What you will do:
Every line containing the word "Hinf" must be pulled from the records.

Supplied entries:
□ □ □ □ □

Lemma LimSup_seq_le0_eventually u (eps : R) :
  Rbar_le (LimSup_seq u) 0 -> 0 < eps -> exists N, forall n, (N <= n)%nat -> u n < eps.
Proof.
  intros Hu Heps.
  assert (Hopp : Rbar_le 0 (LimInf_seq (fun n => - u n))).
  { rewrite LimInf_seq_opp.
    replace (Finite 0) with (Rbar_opp (Finite 0)) by (simpl; rewrite Ropp_0; reflexivity).
    apply Rbar_opp_le; exact Hu. }
  destruct (LimInf_seq_ge0_eventually _ _ Hopp Heps) as [N HN].
  exists N; intros n Hn; specialize (HN n Hn); lra.
Qed.

Lemma LimInf_seq_lt_frequently u (m : R) :
  ~ Rbar_le m (LimInf_seq u) -> exists r, r < m /\ forall N, exists n, (N <= n)%nat /\ u n < r.
Proof.
  intros Hu; destruct (ex_LimInf_seq u) as [l Hl].
  rewrite (is_LimInf_seq_unique _ _ Hl) in Hu; destruct l as [l| |]; simpl in Hu, Hl.
  - assert (Hlt : l < m) by (apply Rnot_le_lt; exact Hu).
    assert (Heps : 0 < (m - l) / 2) by lra.
    exists (l + (m - l) / 2); split; [lra|].
    intro N; exact (proj1 (Hl (mkposreal _ Heps)) N).
  - contradiction Hu; exact I.
  - exists (m - 1); split; [lra | exact (Hl (m - 1))].
Qed.

Lemma LimSup_seq_gt_frequently u (M : R) :
  ~ Rbar_le (LimSup_seq u) M -> exists r, M < r /\ forall N, exists n, (N <= n)%nat /\ r < u n.
Proof.
  intros Hu.
  assert (Hopp : ~ Rbar_le (- M) (LimInf_seq (fun n => - u n))).
  { rewrite LimInf_seq_opp; intro H; apply Hu, Rbar_opp_le, H. }
  destruct (LimInf_seq_lt_frequently _ _ Hopp) as [r [Hr Hfreq]].
  exists (- r); split; [lra|].
  intro N; destruct (Hfreq N) as [n [Hn Hun]]; exists n; split; [exact Hn | lra].
Qed.

Lemma le_of_weighted_averages (s x a b : nat -> R) (al be : R) :
  (forall k, 0 <= s k) -> is_lim_seq (psum s) p_infty ->
  (forall k, s k * al <= s k * a k) -> (forall k, s k * b k <= s k * be) ->
  Rbar_le 0 (LimInf_seq (fun n => psum (fun k => s k * (x k - a k)) n / psum s n)) ->
  Rbar_le (LimSup_seq (fun n => psum (fun k => s k * (x k - b k)) n / psum s n)) 0 ->
  al <= be.
Proof.
  intros Hs Hdiv Ha Hb Hinf Hsup; apply Rnot_lt_le; intro Hlt.
  assert (Heps : 0 < (al - be) / 2) by lra.
  destruct (LimInf_seq_ge0_eventually _ _ Hinf Heps) as [N1 H1].
  destruct (LimSup_seq_le0_eventually _ _ Hsup Heps) as [N2 H2].
  destruct (proj2 (is_lim_seq_spec _ _) Hdiv 0) as [N3 H3].
  set (n := (N1 + N2 + N3)%nat).
  specialize (H1 n ltac:(lia)); specialize (H2 n ltac:(lia)); specialize (H3 n ltac:(lia)).
  set (A := psum (fun k => s k * (x k - a k)) n) in H1.
  set (B := psum (fun k => s k * (x k - b k)) n) in H2.
  set (D := psum s n) in *.
  assert (Hgap : forall m, psum (fun k => s k * (x k - al)) m - psum (fun k => s k * (x k - be)) m
                          = (be - al) * psum s m).
  { induction m as [|m IH]; simpl; [ring | rewrite Rmult_plus_distr_l, <- IH; ring]. }
  assert (HA : A <= psum (fun k => s k * (x k - al)) n)
    by (apply psum_le; intro k; specialize (Ha k); lra).
  assert (HB : psum (fun k => s k * (x k - be)) n <= B)
    by (apply psum_le; intro k; specialize (Hb k); lra).
  specialize (Hgap n); fold D in Hgap.
  assert (Hq : A / D - B / D = (A - B) / D) by (field; lra).
  assert (Hle : (A - B) / D <= be - al) by (apply Rle_div_l; lra).
  lra.
Qed.

Lemma b2R_bounds b : 0 <= b2R b <= 1.
Proof. destruct b; simpl; lra. Qed.

Definition selected_often (S : selection) (w : path) : Prop :=
  forall N, exists n, (N <= n)%nat /\ S (prefix w n) = true.

Lemma selected_lower_le_upper (phi psi : forecasting_system) (S : selection) (w : path) c d :
  temporal_sel S -> recursive_sel S -> selected_often S w ->
  wCH_random phi w -> wCH_random psi w ->
  (forall k, S (prefix w k) = true -> c <= lower phi (prefix w k)) ->
  (forall k, S (prefix w k) = true -> upper psi (prefix w k) <= d) ->
  c <= d.
Proof.
  intros HSt HSr Hoften Hphi Hpsi Hc Hd.
  set (sel k := b2R (S (prefix w k))).
  assert (Hdiv : is_lim_seq (psum sel) p_infty).
  { apply psum_diverges; [intro k; apply b2R_bounds|].
    intro N; destruct (Hoften N) as [n [Hn HS]]; exists n; split; [exact Hn|].
    unfold sel; rewrite HS; simpl; lra. }
  apply (le_of_weighted_averages sel (fun k => b2R (w k))
           (fun k => lower phi (prefix w k)) (fun k => upper psi (prefix w k))).
  - intro k; apply b2R_bounds.
  - exact Hdiv.
  - intro k; unfold sel; destruct (S (prefix w k)) eqn:E; simpl; [specialize (Hc k E) | ]; lra.
  - intro k; unfold sel; destruct (S (prefix w k)) eqn:E; simpl; [specialize (Hd k E) | ]; lra.
  - exact (proj1 (Hphi S HSt HSr Hdiv)).
  - exact (proj2 (Hpsi S HSt HSr Hdiv)).
Qed.

Lemma random_intervals_overlap (I J : interval) (w : path) :
  wCH_random (const_fs I) w -> wCH_random (const_fs J) w -> imin I <= imax J.
Proof.
  intros HI HJ; destruct true_selection as [Ht Hr].
  apply (selected_lower_le_upper (const_fs I) (const_fs J) (fun _ => true) w); auto.
  - intro N; exists N; split; [lia | reflexivity].
  - intros k _; apply Rle_refl.
  - intros k _; apply Rle_refl.
Qed.

Definition unit_interval : interval := mkInterval 0 1 (Rle_refl 0) Rle_0_1 (Rle_refl 1).

(* Also for y = 0, where Rocq's division returns 0. *)
Lemma div_nonneg x y : 0 <= x -> 0 <= y -> 0 <= x / y.
Proof.
  intros Hx Hy; destruct (Req_dec y 0) as [->|Hy0]; [rewrite Rdiv_0_r; lra|].
  apply Rmult_le_pos; [exact Hx | apply Rlt_le, Rinv_0_lt_compat; lra].
Qed.

Lemma unit_interval_random w : wCH_random (const_fs unit_interval) w.
Proof.
  intros S _ _ _; unfold lower, upper, const_fs; split.
  - rewrite <- (LimInf_seq_const 0); apply LimInf_le; exists 0%nat; intros n _.
    apply div_nonneg; apply psum_nonneg; intro k; simpl;
      pose proof (b2R_bounds (S (prefix w k))); pose proof (b2R_bounds (w k)); nra.
  - rewrite <- (LimSup_seq_const 0); apply LimSup_le; exists 0%nat; intros n _.
    set (A := psum (fun k => b2R (S (prefix w k)) * (b2R (w k) - imax unit_interval)) n).
    assert (HA : A <= 0).
    { apply psum_nonpos; intro k; simpl.
      pose proof (b2R_bounds (S (prefix w k))); pose proof (b2R_bounds (w k)); nra. }
    assert (0 <= - A / psum (fun k => b2R (S (prefix w k))) n)
      by (apply div_nonneg; [lra | apply psum_nonneg; intro k; apply b2R_bounds]).
    unfold Rdiv in *; lra.
Qed.

Definition interval_inter {T : Type} (F : T -> Prop) (lo hi : T -> R) (x : R) : Prop :=
  forall i, F i -> lo i <= x <= hi i.

Lemma interval_inter_min {T : Type} (F : T -> Prop) (lo hi : T -> R) :
  (exists i, F i) -> (forall i j, F i -> F j -> lo i <= hi j) ->
  exists m, is_min_of (interval_inter F lo hi) m /\
            forall r, r < m -> exists i, F i /\ r < lo i.
Proof.
  intros [i0 Hi0] Hover.
  set (E := fun x => exists i, F i /\ x = lo i).
  assert (HE : bound E) by (exists (hi i0); intros x [i [Hi ->]]; auto).
  destruct (completeness E HE (ex_intro _ (lo i0) (ex_intro _ i0 (conj Hi0 eq_refl))))
    as [m [Hub Hlub]].
  exists m; split; [split|].
  - intros i Hi; split; [apply Hub; exists i; auto|].
    apply Hlub; intros x [j [Hj ->]]; auto.
  - intros x Hx; apply Hlub; intros y [j [Hj ->]]; apply (Hx j Hj).
  - intros r Hr; apply NNPP; intro Hno.
    assert (m <= r); [|lra].
    apply Hlub; intros x [j [Hj ->]]; apply Rnot_lt_le; intro Hlt; apply Hno; eauto.
Qed.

□ □ □ □ □

Problem solution:
  intros Hs Hdiv Ha Hb Hinf Hsup; apply Rnot_lt_le; intro Hlt.
  destruct (LimInf_seq_ge0_eventually _ _ Hinf Heps) as [N1 H1].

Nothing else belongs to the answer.